Data records -
* * * * *

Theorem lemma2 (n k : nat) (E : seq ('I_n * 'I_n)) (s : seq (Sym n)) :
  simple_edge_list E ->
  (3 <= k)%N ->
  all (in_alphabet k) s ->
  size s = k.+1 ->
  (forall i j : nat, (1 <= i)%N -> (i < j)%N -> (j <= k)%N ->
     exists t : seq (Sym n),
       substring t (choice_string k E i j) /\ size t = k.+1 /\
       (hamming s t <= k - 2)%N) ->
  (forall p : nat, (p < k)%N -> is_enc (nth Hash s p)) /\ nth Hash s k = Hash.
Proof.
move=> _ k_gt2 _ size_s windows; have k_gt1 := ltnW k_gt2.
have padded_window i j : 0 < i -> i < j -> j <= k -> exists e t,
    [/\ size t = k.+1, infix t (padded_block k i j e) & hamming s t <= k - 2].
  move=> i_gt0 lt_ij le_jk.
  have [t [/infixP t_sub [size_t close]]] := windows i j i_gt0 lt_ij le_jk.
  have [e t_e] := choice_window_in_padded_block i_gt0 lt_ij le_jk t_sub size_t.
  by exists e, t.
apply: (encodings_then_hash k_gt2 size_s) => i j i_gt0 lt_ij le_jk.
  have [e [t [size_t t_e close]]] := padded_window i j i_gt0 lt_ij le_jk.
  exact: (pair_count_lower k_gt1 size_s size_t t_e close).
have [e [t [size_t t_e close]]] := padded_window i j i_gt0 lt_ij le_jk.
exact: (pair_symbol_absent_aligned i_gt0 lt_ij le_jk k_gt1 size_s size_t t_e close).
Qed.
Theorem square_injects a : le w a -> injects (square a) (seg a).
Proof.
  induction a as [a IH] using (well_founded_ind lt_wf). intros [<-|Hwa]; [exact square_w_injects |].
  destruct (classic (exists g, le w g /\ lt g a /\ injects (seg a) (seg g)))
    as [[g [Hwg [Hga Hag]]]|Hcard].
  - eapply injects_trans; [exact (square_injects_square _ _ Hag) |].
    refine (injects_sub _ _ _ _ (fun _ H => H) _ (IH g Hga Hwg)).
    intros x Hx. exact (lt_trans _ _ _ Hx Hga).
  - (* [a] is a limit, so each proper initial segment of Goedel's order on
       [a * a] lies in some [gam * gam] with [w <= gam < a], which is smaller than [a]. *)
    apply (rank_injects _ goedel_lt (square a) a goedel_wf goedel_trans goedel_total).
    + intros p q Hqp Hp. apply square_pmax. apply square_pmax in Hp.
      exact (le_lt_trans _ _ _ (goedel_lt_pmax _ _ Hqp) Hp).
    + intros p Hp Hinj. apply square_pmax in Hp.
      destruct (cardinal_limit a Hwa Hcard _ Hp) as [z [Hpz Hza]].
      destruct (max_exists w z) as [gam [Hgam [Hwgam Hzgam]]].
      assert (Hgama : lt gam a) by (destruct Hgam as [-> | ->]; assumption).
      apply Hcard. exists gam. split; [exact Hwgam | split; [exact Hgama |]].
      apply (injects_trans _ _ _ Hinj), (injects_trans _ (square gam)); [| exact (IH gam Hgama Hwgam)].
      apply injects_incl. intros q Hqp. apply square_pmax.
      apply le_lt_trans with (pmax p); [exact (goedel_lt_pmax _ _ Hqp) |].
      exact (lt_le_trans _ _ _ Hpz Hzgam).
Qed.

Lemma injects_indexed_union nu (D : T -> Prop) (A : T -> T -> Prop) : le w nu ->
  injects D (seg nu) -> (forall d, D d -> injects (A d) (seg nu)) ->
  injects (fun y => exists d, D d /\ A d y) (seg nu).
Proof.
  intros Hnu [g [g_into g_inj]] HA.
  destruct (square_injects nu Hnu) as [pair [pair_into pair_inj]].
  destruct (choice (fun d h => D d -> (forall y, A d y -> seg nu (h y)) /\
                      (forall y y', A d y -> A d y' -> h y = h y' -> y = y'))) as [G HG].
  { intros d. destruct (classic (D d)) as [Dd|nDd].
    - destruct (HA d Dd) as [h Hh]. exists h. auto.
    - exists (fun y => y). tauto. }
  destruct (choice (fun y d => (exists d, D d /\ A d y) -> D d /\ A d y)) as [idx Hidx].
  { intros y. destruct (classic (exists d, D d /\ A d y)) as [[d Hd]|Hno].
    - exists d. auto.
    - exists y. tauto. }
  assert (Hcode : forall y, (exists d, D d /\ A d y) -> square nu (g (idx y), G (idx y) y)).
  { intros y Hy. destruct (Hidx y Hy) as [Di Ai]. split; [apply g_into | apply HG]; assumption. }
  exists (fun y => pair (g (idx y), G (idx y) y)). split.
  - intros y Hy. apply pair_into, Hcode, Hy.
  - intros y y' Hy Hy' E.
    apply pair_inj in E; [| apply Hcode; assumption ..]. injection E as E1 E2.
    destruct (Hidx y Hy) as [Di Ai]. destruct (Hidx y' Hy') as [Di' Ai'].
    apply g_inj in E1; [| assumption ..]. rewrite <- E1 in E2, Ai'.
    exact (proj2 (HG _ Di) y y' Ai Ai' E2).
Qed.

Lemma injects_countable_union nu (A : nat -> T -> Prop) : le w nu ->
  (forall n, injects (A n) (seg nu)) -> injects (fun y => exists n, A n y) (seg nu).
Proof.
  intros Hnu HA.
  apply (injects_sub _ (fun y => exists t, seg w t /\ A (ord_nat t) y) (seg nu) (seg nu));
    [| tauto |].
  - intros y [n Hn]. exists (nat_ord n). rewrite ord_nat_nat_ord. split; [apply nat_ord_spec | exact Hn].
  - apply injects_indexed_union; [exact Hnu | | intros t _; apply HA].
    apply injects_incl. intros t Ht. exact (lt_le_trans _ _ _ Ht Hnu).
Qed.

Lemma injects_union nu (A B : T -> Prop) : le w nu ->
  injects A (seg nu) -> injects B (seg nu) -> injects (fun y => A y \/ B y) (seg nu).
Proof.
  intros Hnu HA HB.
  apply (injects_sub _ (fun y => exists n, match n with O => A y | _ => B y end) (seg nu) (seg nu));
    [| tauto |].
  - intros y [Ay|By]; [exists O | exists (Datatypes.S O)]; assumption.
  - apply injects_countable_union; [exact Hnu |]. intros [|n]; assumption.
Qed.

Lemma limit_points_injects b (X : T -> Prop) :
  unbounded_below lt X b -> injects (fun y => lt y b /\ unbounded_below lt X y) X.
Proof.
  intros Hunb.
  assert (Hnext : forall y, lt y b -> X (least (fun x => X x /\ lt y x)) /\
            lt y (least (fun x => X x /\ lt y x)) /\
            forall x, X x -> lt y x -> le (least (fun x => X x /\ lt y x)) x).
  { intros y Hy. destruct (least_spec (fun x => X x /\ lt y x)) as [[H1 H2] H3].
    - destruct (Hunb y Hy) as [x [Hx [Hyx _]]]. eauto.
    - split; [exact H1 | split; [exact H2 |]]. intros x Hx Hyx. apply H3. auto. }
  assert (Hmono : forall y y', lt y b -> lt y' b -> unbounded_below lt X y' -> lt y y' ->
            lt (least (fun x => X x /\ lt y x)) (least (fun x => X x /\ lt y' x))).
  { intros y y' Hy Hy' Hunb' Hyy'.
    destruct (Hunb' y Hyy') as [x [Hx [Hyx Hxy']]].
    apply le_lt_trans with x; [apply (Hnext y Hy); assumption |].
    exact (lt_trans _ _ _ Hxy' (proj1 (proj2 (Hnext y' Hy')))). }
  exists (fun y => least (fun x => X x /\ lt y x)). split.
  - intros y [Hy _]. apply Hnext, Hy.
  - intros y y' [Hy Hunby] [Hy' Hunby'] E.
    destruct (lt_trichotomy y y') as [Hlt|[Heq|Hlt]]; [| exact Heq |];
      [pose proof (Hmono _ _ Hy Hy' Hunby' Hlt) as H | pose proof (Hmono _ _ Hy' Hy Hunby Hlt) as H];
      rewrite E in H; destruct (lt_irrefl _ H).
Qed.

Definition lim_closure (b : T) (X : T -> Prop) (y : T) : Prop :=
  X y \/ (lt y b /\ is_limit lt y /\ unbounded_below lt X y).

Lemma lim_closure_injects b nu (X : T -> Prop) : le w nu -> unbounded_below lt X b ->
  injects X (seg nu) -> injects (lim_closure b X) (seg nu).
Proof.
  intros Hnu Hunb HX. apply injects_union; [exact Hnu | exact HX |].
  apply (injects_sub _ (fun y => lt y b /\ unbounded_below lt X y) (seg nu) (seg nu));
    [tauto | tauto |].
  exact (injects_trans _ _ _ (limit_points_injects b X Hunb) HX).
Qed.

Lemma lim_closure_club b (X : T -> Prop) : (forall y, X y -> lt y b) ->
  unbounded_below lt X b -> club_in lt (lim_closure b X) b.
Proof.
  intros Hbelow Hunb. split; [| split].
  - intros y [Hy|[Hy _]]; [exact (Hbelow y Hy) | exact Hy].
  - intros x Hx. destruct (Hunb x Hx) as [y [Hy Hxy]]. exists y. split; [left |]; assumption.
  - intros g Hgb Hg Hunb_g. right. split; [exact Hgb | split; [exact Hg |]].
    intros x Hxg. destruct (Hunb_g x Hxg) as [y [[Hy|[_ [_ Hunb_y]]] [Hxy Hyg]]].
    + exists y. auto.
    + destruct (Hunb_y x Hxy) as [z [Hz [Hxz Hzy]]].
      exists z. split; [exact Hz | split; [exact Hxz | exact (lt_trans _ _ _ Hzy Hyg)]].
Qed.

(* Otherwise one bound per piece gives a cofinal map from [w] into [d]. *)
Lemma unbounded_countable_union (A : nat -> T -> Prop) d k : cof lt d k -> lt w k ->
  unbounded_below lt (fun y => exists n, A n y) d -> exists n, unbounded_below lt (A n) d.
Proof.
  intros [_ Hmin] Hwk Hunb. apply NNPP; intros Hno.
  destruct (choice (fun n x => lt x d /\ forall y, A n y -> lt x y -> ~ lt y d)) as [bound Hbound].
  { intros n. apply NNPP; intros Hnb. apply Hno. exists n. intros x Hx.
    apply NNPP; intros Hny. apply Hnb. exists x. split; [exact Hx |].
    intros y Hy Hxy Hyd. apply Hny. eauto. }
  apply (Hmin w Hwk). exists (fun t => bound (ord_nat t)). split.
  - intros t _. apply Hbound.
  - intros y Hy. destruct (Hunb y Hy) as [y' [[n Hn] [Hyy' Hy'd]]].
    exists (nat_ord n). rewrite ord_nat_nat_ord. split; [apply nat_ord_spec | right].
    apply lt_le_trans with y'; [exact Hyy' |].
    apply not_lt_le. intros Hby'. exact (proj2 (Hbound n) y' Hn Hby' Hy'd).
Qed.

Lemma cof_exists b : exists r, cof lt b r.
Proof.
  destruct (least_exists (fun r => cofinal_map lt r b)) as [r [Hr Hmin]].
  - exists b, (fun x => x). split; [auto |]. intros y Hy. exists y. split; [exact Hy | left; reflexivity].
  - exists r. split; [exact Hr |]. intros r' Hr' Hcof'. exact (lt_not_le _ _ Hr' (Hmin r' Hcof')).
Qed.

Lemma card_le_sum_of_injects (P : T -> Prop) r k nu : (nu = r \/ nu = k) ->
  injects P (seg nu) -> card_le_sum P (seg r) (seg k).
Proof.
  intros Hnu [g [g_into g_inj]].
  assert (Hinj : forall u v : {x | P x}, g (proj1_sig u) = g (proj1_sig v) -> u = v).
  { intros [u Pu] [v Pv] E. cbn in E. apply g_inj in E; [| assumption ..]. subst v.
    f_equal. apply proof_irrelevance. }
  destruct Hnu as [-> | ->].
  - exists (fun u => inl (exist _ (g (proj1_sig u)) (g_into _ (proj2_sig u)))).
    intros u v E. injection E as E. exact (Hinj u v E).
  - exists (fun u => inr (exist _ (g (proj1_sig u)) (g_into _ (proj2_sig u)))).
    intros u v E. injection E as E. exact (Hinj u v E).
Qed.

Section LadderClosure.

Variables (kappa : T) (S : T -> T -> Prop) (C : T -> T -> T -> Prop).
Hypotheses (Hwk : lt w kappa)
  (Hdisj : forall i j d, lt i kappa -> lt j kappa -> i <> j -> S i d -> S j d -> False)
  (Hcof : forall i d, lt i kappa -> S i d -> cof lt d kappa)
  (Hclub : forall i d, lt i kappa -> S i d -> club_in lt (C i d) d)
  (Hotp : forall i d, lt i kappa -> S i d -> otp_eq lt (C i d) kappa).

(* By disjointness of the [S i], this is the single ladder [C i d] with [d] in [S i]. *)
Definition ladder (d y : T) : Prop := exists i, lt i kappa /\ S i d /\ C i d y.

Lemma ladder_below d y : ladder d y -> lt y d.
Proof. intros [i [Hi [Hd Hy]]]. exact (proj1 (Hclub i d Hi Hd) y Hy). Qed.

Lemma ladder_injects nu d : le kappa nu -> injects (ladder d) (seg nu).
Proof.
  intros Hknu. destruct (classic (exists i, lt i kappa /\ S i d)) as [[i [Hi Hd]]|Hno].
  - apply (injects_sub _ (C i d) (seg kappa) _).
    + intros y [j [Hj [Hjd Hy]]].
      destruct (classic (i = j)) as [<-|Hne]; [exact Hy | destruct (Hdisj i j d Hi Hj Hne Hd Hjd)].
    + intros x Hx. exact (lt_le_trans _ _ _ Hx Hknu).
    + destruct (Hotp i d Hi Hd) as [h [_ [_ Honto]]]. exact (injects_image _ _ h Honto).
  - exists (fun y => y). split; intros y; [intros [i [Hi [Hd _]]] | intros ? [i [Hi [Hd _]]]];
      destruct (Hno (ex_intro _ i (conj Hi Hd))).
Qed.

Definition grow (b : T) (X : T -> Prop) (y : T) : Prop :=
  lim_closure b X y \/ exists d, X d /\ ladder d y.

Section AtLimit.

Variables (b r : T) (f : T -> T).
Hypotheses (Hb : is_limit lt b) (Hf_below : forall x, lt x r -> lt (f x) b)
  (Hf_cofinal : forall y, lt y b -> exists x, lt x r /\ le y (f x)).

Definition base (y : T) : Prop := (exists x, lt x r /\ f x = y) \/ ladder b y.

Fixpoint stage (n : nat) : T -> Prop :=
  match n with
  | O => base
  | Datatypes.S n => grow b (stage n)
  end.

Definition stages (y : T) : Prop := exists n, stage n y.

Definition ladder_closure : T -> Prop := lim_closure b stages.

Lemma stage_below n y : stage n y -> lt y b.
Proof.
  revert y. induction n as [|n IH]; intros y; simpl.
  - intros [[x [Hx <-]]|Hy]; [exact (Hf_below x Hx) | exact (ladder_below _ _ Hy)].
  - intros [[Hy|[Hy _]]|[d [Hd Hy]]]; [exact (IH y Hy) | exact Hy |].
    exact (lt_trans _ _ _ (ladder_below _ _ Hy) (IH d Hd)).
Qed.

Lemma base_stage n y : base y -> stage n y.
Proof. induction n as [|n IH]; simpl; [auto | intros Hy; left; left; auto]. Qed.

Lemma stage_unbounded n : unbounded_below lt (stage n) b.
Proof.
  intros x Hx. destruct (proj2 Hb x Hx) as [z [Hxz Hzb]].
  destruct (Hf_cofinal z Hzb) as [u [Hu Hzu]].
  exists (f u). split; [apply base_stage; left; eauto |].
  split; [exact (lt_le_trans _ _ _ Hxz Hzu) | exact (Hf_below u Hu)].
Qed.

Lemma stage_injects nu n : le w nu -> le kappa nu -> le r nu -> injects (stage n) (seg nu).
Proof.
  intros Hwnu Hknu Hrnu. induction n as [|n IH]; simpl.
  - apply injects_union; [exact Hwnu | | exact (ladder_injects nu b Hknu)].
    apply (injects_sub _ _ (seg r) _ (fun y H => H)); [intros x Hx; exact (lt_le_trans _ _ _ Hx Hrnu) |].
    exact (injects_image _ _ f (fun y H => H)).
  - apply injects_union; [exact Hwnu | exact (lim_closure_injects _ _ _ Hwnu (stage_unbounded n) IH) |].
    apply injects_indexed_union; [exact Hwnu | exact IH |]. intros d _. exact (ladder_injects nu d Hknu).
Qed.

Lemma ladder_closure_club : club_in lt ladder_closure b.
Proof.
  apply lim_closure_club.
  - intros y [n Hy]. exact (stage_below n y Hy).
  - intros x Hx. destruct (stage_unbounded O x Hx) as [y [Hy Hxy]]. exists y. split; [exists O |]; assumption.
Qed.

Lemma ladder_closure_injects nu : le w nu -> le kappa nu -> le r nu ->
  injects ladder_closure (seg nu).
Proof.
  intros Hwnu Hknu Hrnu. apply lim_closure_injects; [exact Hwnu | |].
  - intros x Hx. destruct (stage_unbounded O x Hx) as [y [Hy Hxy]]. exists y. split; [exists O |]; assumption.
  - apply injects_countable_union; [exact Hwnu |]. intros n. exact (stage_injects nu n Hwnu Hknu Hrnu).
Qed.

* * * * *

Your goal -
Write down only the number of lines above where the word "assumption" occurs.

Final answer -
11